Tools in a workshop
20-something miseries, how-to

If It Ain’t Broke, Don’t Fix It: How Much Are You Supposed to Put Up With Before it Counts as a Problem?

I am not an expert on this subject. In fact, I probably know less about it than many healthy, well-adjusted human beings, but when I’m feeling dysfunctional, I don’t look for advice from my most stable, balanced friends. I go straight to the source to see how people like me are handling these things. So from one dysfunctional monster to another, here’s what I got:

When to Quit Your Job

Do you have a new job yet? If the answer is no, then you should not quit your job unless it is an actively toxic work environment, i.e. harassment, 60+ hour weeks, or a direct negative impact on a serious health condition.

Sorry, I am all for people chasing their dreams, but until you have a steady source of income, it is almost always better to stay somewhere you hate. Spend every spare moment away from that hell-hole applying to different jobs, but make sure you don’t get the Stink of Desperation. You can bomb an interview by going in with an air of “Please give me this job, please, I’ll do anything to get out of my current situation.”

When to Go to the Doctor for a Physical Ailment

Unlike quitting your job, going to the doctor is less reliant on money. Not going to the doctor can lead to far more serious problems that will cost a lot more in the long run, so if you know something’s up and the only reason you don’t want to go is because of the money, go.

If you have a mild to moderate ache, pain, or symptom like a sore throat or nasty cough, and it lasts more than two weeks, it’s time to see a doctor. If you’ve had a fever every day for more than a week, definitely time for the doctor. If you’re having serious, constant pain, see if your doctor can get you in immediately, and if not, I would consider going to Urgent Care or the ER.
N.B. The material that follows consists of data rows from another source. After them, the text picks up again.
Lemma vcoef_odd_kummer m n j r : (m + j = r.+1)%N -> (j <= n)%N ->
  vcoef (2 * n).+1 m j = vfactor m n j * kummer_seq R r (2 * (n - j)).+1.
Proof.
move=> mj jn; rewrite /vcoef /vfactor /kummer_seq.
rewrite (_ : (2 * n).+1 - 2 * j = (2 * (n - j)).+1)%N; last by lia.
rewrite (_ : m + (2 * n).+1 - j - 1 = (2 * (n - j)).+1 + r)%N; last by lia.
rewrite (_ : m + (2 * n).+1 - 1 = m + 2 * n)%N; last by lia.
rewrite (_ : ((2 * (n - j)).+1 + 2 * r).+1 = 2 * m + 2 * n)%N; last by lia.
by field; rewrite !nz !expf_neq0.
Qed.

Lemma tan_weight_vcoef_kummer m n j k r : (m + j = r.+1)%N -> (j + k <= n)%N ->
  tan_weight m n k * vcoef (2 * (n - k)) m j
  = vfactor m n j * (half_tan R T (2 * k).+1 * kummer_seq R r (2 * (n - j - k))).
Proof.
move=> mj jkn; rewrite (half_tan_odd hchar) /tan_weight /vcoef /vfactor /kummer_seq.
rewrite natr_bin //; last by lia.
rewrite (_ : (2 * n).+1 - (2 * k).+1 = 2 * (n - k))%N; last by lia.
rewrite (_ : m + 2 * (n - k) - j - 1 = 2 * (n - j - k) + r)%N; last by lia.
rewrite (_ : m + 2 * (n - k) - 1 = m + 2 * n - 2 * k - 1)%N; last by lia.
rewrite (_ : (2 * (n - j - k) + 2 * r).+1 = 2 * m + 2 * n - 2 * k - 1)%N; last by lia.
rewrite (_ : 2 * (n - k) - 2 * j = 2 * (n - j - k))%N; last by lia.
by field; rewrite !nz !expf_neq0.
Qed.

Lemma vcoef_odd_recursion m n j : (0 < m + j)%N -> (j <= n)%N ->
  vcoef (2 * n).+1 m j
  = \sum_(k < (n - j).+1) tan_weight m n k * vcoef (2 * (n - k)) m j.
Proof.
move=> mj_gt0 jn; have [r mj] : exists r, (m + j = r.+1)%N by exists (m + j).-1; lia.
rewrite (vcoef_odd_kummer mj jn) (exp_symmetric_half_tan_coef hchar hT
  (kummer_seq_exp_symmetric hchar r)) mulr_sumr.
apply: eq_bigr => k _; rewrite (tan_weight_vcoef_kummer mj) //.
by have := ltn_ord k; lia.
Qed.
Lemma isolated_topology (C : {set 'I_n}) : (1 < #|C|)%N -> C != [set: 'I_n] ->
  isolated (tree_dist H w) C -> C \in topology H w.
Proof.
move=> C_gt1 CT isoC.
have lca_gt i j k : i \in C -> j \in C -> k \notin C -> i != j ->
    ~~ (lca_depth i j <= lca_depth i k).
  by move=> iC jC kC ij; rewrite -ltNge -tree_dist_ltE isoC.
have [A [AH sCA A_min]] :=
  exists_least_cluster hierH (P := fun B => C \subset B) (subsetT C).
have [i [j [iC jC ij sAD]]] := exists_splitting_pair hierH C_gt1 AH sCA A_min.
have eqAC : A = C.
  apply/eqP; rewrite eqEsubset sCA andbT; apply/subsetP => k kA.
  apply: contraT => kC; have /negP[] := lca_gt _ _ _ iC jC kC ij.
  apply: lca_depth_le => D DH _ iD jD _.
  exact: subsetP (sAD D DH iD jD) k kA.
rewrite {}eqAC in AH sAD.
have wC : 0 < w C.
  rewrite lt_neqAle eq_sym w_ge0 // andbT; apply/eqP => wC0.
  (* Otherwise every cluster through i and j of nonzero weight contains the
     parent U of C, hence a leaf k of U outside C. *)
  have [U [UH ltCU U_min]] := exists_least_cluster hierH
    (P := fun B => C \proper B) (etrans (properT C) CT).
  have /properP[sCU [k kU kC]] := ltCU.
  have /negP[] := lca_gt _ _ _ iC jC kC ij.
  apply: lca_depth_le => D DH _ iD jD wD.
  have ltCD : C \proper D.
    by rewrite properEneq sAD // andbT; apply: contraNneq wD => <-; rewrite wC0.
  have sUD := least_cluster_sub hierH UH U_min DH ltCD (subsetP sCU i iC) iD.
  exact: subsetP sUD k kU.
by rewrite inE AH C_gt1 CT wC.
Qed.
(* Let $G=\langle S_k\mid K\rangle$ be a finitely generated semigroup as described in the context, $\mathcal{A}$ a finite alphabet and $X\subseteq\mathcal{A}^G$ a tree shift. For all $1\le i\le k$, $m\ge0$, $n\ge0$ and $q\ge1$: (i) $|\bar{\Delta}^{(s_i)}_n|=1+\sum_{l=1}^n\sum_{j=1}^k K^l(s_i,s_j)$; (ii) $|\bar{\Delta}^{(s_i)}_{n+q(m+1)}|=|\bar{\Delta}^{(s_i)}_n|+\sum_{l=1}^k\sum_{j=0}^{q-1}K^{n+j(m+1)+1}(s_i,s_l)\,|\bar{\Delta}^{(s_l)}_m|$; (iii) $p^{(s_i)}_{n+q(m+1)}\le p^{(s_i)}_n\prod_{l=1}^k\big(p^{(s_l)}_m\big)^{\sum_{j=0}^{q-1}K^{n+j(m+1)+1}(s_i,s_l)}$. Here $K^l(s_i,s_j)$ denotes the $(s_i,s_j)$ entry of the $l$th power of $K$.
   Context: Let $K$ be a $k\times k$ matrix with entries in $\{0,1\}$ indexed by $S_k=\{s_1,\dots,s_k\}$, and let $G=\langle S_k\mid K\rangle$ be the semigroup generated by $S_k$ subject to the relations $s_is_j=1_G$ if and only if $K(s_i,s_j)=0$ ($1_G$ the identity). Every $g\in G$ has a unique minimal representation $g=g_1g_2\cdots g_n$ with $g_l\in S_k$ and $K(g_l,g_{l+1})=1$; its length is $|g|=n$ (with $|1_G|=0$). For $g\in G$ and $n\ge0$ the $n$-semiball at $g$ is $\bar{\Delta}^{(g)}_n=\{gh: h\in G,\ |h|\le n,\ |gh|=|g|+|h|\}$. For a finite alphabet $\mathcal{A}$, a pattern is a map $u:H\to\mathcal{A}$ with $H\subset G$ finite; $u$ is accepted by $t\in\mathcal{A}^G$ if there is $g\in G$ with $t_{gh}=u_h$ for all $h\in H$. A tree shift is a subset $X\subseteq\mathcal{A}^G$ consisting of all $t$ that accept no pattern from some fixed set $\mathcal{F}$ of patterns. $p^{(g)}_n$ denotes the number of patterns $u\in\mathcal{A}^{\bar{\Delta}^{(g)}_n}$ accepted by some $t\in X$. *)

From mathcomp Require Import all_boot all_algebra.
From mathcomp Require Import boolp.
Set Implicit Arguments. Unset Strict Implicit. Unset Printing Implicit Defensive.

Section TreeShift.
Variables (k : nat) (K : 'M[nat]_k).

Definition adm (w : seq 'I_k) : bool := sorted (fun a b => K a b != 0%N) w.

(* The semigroup G = < S_k | K >, realised as the set of reduced words. *)
Definition G := {w : seq 'I_k | adm w}.

(* Product of reduced words: concatenate, cancelling adjacent pairs s_a s_b
   with K(s_a,s_b) = 0 at the junction (rg is the reversed left factor). *)
Fixpoint cancelw (rg h : seq 'I_k) : seq 'I_k :=
  match rg, h with
  | a :: rg', b :: h' => if K a b == 0%N then cancelw rg' h' else catrev rg h
  | _, _ => catrev rg h
  end.

Definition mulw (g h : seq 'I_k) : seq 'I_k := cancelw (rev g) h.

Lemma adm_nil : adm [::]. Proof. by []. Qed.

Lemma adm_cancelw rg h : adm (rev rg) -> adm h -> adm (cancelw rg h).
Proof.
elim: rg h => [|a rg IH] [|b h] //=; rewrite ?catrevE ?cats0 ?revK //.
rewrite rev_cons -cats1 => Hg Hh.
case: eqP => Hab.
  apply: IH.
    by move: Hg; rewrite /adm => /cat_sorted2 [].
  by move: Hh; rewrite /adm /= => /path_sorted.
rewrite /adm in Hg *.
move: Hg; case: (rev rg) => [|c s] /=.
  by move=> _; rewrite Hh andbT; apply/eqP.
rewrite !cat_path /= => /andP[-> /andP[Hca _]] /=.
by rewrite Hh andbT; apply/andP; split=> //; apply/eqP.
Qed.

Lemma adm_mulw (g h : G) : adm (mulw (val g) (val h)).
Proof. by apply: adm_cancelw; rewrite ?revK; [exact: valP|exact: valP]. Qed.

Definition mulG (g h : G) : G := exist _ (mulw (val g) (val h)) (adm_mulw g h).

Definition lenG (g : G) : nat := size (val g).

Definition gen (i : 'I_k) : G := exist _ [:: i] (erefl true).

Definition words_upto (n : nat) : seq (seq 'I_k) :=
  flatten [seq [seq tval t | t : l.-tuple 'I_k] | l <- iota 0 n.+1].
Definition Gupto (n : nat) : seq G := pmap insub (words_upto n).

Definition semiball (g : G) (n : nat) : seq G :=
  undup [seq mulG g h | h <- Gupto n & lenG (mulG g h) == (lenG g + lenG h)%N].

Variable A : finType.

(* A pattern with (finite) support H : seq G is u : {ffun seq_sub H -> A};
   it is accepted by t : G -> A if t_{gh} = u_h for some g and all h in H. *)
Definition accepts (t : G -> A) (H : seq G) (u : {ffun seq_sub H -> A}) : Prop :=
  exists g : G, forall x : seq_sub H, t (mulG g (ssval x)) = u x.

Definition in_shift (F : forall H : seq G, {ffun seq_sub H -> A} -> Prop)
  (t : G -> A) : Prop :=
  forall (H : seq G) (u : {ffun seq_sub H -> A}), F H u -> ~ accepts t u.

Definition pcount (F : forall H : seq G, {ffun seq_sub H -> A} -> Prop)
  (g : G) (n : nat) : nat :=
  #|[set u : {ffun seq_sub (semiball g n) -> A} |
      `[< exists t : G -> A, in_shift F t /\ accepts t u >] ]|.

End TreeShift.

From mathcomp Require Import all_boot all_algebra.
From mathcomp Require Import boolp.
From mathcomp Require Import zify.
Set Implicit Arguments. Unset Strict Implicit. Unset Printing Implicit Defensive.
When to Go to the Doctor for a Mental Ailment

Here’s the thing: if you’re considering therapy, you should go. Usually, by the time someone actively thinks about getting help, they’ve needed it for a while. If you’re concerned that you’re overreacting or being dramatic, that’s okay, therapists have seen it all and they want to help. Everyone can benefit from therapy, no matter what’s going on.

Money is more of an issue here, but there are a lot of ways to work around the system. Keep an eye out for my upcoming series: How to Find a Therapist. There are three parts, and Part 2 will address how to pay for therapy.

When to Apologize vs. When to Fight

This is the worst one for me. Honestly, I have no idea. If you value other people’s emotions over your own, you’ll always apologize and never fight for what you want or how you feel. But if you value your own emotions over everyone else’s, you’ll always be fighting with people you love.

I’ve been told there’s a middle ground in there somewhere…but mostly I swing from one end to the other. I’ve gotten better at it over the years, but I really just included this section so you’d know you aren’t alone if this is a struggle for you. I feel it.

My only nugget of advice: fighting is a healthy part of any relationship, be it romantic, platonic, or familial. If one person never fights, they don’t trust the other person to love them through the fight, and that’s a problem. See above. (Seriously, everyone should go to therapy.)

When to Freak Out vs. When to Keep it Together

This is so hard. People say you’re entitled to your feelings and that it’s bad to bottle things up, but they don’t seem to mean it. Feelings can be ugly and time-consuming and draining. They have real repercussions in your daily life. “Feeling your feelings” doesn’t mean crying for 10 minutes and moving on. Feeling your feelings can hurt. A lot.

So how do you balance your feelings and your daily obligations? How do you let yourself acknowledge your pain without encouraging it? Coping mechanisms. You have to find ways to feel your feelings instead of letting your feelings throttle you. For instance, when I need to freak out but I know I have things to do, sometimes I’ll schedule a time after my obligations have been met when I can lose it. Sometimes I don’t make it to that scheduled time, and I try to be patient with myself then, but sometimes the feelings fade by the time I get around to them.
What about you? Got any advice for how to officially classify something as a ProblemTM?